What you should do: Please state how many lines in the records contain the string "vertex", with no words besides the number.
────────
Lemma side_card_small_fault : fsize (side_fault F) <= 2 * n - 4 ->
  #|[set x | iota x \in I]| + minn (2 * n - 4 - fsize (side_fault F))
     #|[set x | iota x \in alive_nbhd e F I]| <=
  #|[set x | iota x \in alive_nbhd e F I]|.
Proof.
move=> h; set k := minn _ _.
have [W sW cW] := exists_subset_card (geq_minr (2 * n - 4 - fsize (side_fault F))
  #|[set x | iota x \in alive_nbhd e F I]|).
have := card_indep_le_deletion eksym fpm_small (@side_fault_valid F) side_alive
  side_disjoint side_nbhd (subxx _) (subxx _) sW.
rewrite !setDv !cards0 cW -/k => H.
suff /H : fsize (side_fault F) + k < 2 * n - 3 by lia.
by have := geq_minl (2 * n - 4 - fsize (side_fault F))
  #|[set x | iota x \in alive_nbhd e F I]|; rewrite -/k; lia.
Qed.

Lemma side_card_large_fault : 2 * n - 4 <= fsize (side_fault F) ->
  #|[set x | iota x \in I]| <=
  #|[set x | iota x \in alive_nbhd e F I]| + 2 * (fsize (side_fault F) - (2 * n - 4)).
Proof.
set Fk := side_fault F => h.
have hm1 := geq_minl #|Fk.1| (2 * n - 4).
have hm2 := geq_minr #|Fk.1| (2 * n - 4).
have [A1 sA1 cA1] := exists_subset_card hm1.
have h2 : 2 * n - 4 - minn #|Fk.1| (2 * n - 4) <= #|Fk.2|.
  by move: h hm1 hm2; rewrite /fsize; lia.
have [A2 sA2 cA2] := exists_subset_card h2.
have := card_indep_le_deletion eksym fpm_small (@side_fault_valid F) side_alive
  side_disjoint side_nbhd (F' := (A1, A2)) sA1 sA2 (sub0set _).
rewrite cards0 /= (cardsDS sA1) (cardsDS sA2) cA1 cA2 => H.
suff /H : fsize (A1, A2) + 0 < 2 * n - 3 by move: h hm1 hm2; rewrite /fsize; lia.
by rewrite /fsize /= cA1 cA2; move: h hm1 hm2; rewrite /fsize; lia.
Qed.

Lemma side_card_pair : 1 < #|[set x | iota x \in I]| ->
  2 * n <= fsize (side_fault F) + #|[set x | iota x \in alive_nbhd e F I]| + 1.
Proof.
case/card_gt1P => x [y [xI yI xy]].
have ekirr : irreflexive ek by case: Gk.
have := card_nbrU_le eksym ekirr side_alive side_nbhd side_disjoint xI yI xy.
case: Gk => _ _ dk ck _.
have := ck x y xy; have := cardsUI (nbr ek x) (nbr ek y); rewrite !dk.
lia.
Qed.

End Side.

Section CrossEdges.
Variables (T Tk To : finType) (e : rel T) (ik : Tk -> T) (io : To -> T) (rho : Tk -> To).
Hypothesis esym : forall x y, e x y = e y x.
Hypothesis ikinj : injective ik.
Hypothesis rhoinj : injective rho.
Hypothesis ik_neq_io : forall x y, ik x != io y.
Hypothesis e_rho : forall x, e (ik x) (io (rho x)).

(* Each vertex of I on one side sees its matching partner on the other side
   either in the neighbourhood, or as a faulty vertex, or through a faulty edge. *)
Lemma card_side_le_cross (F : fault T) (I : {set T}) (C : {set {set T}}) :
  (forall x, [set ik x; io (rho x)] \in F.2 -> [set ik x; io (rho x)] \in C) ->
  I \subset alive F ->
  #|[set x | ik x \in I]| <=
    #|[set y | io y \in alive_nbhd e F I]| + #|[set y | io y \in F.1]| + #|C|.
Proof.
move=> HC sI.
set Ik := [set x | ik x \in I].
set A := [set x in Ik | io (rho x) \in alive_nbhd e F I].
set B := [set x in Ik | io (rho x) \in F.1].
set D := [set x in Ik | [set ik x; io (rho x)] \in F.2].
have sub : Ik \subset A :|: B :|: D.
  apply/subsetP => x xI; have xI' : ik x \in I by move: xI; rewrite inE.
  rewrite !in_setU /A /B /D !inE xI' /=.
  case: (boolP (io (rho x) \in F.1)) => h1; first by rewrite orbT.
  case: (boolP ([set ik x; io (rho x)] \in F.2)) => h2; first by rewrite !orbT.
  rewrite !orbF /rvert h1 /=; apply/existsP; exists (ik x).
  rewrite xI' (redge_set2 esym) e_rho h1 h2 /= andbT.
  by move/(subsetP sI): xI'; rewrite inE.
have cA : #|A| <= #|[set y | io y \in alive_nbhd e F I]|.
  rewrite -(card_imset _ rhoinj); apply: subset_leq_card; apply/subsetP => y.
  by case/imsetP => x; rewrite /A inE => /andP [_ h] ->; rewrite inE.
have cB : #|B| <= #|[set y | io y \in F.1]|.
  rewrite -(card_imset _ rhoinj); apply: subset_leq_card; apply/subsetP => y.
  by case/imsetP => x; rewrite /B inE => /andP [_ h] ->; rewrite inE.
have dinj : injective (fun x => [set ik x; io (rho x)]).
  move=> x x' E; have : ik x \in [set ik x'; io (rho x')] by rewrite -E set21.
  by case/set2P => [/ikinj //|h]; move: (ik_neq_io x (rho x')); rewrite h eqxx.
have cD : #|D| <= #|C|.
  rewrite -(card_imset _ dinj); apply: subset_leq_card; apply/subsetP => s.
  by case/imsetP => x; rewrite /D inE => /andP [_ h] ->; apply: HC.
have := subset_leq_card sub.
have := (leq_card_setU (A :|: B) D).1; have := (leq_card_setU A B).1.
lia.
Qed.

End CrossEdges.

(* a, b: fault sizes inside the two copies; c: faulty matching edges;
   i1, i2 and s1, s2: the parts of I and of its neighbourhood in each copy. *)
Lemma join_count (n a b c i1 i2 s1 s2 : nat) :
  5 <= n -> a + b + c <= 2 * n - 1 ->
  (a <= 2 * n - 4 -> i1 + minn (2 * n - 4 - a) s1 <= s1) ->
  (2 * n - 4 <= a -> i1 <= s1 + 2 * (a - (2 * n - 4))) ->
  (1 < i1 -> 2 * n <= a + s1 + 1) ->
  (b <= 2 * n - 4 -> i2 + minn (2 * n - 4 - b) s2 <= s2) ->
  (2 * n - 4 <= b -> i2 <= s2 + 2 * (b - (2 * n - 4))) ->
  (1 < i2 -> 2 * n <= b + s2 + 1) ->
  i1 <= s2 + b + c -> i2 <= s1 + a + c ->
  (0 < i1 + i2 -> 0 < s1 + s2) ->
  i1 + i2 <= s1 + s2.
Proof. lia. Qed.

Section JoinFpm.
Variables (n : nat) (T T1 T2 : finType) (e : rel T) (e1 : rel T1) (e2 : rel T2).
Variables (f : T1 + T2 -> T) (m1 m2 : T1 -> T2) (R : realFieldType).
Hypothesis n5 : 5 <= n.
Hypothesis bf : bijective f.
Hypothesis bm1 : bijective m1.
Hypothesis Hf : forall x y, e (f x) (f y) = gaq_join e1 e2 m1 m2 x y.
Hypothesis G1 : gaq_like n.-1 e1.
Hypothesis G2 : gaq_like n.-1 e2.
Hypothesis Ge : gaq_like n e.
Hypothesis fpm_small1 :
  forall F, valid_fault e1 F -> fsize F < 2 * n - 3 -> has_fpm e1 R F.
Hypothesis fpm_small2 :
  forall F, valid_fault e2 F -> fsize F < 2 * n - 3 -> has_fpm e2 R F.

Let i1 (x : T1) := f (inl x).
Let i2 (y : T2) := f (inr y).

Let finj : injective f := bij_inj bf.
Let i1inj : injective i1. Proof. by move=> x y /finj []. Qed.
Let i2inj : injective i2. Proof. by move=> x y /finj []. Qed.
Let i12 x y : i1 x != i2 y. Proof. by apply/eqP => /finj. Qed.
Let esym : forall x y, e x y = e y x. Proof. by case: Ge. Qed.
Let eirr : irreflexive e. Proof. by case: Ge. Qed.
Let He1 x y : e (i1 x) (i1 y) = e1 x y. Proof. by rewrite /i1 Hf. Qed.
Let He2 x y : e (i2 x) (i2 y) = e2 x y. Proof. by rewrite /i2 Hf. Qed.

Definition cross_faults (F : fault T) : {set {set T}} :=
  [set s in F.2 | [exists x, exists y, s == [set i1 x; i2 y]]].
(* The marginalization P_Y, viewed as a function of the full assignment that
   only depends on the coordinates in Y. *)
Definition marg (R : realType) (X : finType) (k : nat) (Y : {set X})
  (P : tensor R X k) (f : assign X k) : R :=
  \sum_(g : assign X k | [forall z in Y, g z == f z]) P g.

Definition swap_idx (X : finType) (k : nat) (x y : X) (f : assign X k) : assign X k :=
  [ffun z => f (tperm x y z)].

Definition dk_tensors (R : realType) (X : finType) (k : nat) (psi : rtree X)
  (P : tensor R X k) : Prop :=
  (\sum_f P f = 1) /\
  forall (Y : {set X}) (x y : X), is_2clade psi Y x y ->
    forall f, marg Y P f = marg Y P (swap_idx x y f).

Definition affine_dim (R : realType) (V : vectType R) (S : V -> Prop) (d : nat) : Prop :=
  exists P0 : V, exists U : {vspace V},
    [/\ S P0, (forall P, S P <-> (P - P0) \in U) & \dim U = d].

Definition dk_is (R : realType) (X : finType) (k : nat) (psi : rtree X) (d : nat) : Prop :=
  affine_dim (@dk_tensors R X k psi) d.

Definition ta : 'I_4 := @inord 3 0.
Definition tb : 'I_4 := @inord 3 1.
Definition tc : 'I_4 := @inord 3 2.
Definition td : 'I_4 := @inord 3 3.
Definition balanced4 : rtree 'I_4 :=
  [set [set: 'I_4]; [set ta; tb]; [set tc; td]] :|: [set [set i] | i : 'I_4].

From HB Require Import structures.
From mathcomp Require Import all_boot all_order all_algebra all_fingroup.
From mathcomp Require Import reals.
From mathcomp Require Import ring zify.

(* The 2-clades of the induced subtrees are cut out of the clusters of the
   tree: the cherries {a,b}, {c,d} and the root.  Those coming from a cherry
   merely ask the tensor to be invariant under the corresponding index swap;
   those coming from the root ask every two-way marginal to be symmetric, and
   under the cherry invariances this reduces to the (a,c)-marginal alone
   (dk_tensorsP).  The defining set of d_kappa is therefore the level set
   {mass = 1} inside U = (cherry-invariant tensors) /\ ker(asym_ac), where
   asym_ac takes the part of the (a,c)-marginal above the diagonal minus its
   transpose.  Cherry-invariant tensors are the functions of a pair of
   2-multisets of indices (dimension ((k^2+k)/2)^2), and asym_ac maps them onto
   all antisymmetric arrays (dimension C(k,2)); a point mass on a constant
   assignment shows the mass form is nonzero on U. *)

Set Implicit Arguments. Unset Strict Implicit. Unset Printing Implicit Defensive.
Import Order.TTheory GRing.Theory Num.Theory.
────────
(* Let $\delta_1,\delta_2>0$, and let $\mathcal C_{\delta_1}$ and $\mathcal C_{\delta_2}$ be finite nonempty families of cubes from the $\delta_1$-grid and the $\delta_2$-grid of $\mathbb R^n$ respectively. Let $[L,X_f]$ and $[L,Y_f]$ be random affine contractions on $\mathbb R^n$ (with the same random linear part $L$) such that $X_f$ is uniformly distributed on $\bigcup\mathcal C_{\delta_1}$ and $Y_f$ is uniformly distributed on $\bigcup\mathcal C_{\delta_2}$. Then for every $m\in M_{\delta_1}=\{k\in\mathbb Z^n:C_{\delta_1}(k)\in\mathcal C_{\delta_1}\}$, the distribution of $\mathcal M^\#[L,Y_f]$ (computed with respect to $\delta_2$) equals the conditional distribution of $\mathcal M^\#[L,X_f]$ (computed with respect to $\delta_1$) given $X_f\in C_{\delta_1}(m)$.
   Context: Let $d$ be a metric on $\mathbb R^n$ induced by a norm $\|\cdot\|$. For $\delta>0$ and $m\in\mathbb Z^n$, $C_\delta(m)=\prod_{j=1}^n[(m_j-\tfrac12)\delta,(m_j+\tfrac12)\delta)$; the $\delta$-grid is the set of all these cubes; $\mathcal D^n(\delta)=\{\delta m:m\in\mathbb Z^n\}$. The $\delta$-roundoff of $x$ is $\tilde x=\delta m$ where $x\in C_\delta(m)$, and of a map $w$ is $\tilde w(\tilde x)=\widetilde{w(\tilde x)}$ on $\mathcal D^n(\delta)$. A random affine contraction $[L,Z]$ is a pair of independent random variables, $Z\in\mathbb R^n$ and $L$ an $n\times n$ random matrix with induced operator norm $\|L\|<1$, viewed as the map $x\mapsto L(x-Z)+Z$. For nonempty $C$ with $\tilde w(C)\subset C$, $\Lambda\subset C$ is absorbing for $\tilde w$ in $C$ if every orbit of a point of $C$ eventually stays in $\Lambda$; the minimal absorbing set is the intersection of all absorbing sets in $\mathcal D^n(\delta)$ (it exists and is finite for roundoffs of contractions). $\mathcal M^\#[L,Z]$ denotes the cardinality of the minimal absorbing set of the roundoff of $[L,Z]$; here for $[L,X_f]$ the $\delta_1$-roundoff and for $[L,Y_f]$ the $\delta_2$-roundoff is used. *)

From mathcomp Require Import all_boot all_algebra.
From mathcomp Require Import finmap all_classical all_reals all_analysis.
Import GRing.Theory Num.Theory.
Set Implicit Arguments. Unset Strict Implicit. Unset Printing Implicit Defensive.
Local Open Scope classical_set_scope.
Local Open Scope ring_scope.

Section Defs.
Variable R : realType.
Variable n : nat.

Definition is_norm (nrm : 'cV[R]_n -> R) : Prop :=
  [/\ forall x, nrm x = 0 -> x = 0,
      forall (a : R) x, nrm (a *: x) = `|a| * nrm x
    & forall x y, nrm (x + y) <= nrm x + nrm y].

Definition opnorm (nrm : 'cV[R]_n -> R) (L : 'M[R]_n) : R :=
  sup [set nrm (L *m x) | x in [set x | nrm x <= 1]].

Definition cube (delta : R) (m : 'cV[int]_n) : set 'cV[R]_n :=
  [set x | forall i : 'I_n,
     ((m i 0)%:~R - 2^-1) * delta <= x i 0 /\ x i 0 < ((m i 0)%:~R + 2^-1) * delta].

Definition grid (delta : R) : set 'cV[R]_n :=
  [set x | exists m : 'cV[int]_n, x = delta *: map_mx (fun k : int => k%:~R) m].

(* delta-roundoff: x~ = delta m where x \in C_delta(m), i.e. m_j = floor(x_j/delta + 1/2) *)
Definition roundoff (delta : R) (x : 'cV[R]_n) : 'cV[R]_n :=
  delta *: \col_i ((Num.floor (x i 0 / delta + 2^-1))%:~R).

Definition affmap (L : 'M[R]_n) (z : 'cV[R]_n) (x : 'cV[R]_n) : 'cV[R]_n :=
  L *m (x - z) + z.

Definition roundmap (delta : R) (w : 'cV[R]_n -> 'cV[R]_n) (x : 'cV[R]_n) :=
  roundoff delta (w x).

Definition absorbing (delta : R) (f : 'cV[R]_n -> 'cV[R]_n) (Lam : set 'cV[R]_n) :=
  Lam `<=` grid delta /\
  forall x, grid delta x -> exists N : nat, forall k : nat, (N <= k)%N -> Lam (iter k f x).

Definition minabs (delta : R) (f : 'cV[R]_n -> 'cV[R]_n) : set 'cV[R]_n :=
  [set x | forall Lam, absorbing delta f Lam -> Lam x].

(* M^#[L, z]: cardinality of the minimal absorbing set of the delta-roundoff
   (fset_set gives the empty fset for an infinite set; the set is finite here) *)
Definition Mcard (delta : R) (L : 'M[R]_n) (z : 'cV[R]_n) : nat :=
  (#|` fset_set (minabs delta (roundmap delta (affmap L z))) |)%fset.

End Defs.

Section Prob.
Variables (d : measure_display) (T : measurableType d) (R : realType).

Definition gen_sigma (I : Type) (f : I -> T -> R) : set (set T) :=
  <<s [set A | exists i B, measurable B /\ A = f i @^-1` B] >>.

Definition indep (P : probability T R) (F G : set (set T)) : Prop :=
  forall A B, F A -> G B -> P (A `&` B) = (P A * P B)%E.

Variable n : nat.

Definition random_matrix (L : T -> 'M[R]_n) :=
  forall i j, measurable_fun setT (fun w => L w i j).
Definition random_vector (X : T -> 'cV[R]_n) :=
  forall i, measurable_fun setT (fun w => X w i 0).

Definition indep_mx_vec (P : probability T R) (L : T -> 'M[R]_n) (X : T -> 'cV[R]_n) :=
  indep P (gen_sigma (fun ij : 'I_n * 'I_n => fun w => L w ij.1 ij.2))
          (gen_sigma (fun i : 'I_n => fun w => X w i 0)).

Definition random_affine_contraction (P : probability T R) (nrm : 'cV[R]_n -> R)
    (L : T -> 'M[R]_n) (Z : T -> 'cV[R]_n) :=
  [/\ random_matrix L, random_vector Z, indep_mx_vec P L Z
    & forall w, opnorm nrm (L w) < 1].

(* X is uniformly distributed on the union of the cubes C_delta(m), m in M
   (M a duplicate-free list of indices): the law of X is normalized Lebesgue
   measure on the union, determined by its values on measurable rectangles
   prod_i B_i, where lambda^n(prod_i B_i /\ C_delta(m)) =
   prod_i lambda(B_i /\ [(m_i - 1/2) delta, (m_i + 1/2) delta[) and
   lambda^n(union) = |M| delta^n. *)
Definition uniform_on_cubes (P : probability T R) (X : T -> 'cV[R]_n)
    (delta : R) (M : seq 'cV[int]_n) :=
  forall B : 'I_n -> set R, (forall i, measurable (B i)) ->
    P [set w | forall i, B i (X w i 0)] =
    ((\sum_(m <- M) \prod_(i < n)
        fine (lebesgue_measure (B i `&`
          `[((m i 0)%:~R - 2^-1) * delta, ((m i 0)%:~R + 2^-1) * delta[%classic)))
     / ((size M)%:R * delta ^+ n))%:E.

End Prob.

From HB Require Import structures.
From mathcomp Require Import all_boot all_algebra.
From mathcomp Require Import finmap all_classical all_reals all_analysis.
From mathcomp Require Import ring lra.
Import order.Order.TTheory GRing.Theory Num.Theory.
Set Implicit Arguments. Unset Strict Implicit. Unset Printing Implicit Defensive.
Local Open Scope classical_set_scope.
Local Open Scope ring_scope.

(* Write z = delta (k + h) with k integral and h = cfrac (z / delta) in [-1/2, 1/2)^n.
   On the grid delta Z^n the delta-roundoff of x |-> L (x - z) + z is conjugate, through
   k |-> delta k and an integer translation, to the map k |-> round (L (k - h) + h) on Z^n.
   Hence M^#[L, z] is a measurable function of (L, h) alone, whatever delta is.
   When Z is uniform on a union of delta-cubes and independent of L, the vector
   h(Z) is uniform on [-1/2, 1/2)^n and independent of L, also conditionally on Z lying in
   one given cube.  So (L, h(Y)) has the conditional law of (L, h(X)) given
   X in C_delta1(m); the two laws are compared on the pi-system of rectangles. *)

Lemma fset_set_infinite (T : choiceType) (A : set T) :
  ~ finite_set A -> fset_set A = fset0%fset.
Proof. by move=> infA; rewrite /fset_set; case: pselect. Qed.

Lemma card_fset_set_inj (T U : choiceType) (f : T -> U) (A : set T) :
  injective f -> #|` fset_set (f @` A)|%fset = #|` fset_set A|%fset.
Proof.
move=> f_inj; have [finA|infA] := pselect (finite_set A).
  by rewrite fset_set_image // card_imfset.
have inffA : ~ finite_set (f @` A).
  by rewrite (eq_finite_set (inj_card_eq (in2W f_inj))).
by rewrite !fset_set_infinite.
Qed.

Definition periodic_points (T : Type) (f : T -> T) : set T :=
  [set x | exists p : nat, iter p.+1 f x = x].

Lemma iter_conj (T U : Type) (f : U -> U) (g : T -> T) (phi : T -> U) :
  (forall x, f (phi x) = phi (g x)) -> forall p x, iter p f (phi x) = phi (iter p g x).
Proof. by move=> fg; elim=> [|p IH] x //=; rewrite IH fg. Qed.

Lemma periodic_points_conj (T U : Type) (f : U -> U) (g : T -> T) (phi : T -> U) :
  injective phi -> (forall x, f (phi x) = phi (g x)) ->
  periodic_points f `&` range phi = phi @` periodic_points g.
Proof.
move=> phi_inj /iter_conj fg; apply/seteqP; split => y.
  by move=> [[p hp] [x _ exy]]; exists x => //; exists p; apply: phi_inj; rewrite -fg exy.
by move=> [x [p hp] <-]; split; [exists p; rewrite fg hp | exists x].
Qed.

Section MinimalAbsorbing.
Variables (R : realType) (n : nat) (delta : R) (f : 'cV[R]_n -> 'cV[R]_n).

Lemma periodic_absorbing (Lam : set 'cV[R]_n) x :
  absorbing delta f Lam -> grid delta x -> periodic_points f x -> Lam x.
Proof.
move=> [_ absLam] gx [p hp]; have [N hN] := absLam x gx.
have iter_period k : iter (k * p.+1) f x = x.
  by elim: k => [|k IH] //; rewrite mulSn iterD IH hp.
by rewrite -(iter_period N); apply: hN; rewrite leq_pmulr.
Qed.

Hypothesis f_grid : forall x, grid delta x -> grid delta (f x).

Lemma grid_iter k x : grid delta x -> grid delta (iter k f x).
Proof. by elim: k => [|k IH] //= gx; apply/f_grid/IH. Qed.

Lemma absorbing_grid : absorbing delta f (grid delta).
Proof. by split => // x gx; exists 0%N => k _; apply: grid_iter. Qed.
────────
Exercise output: 2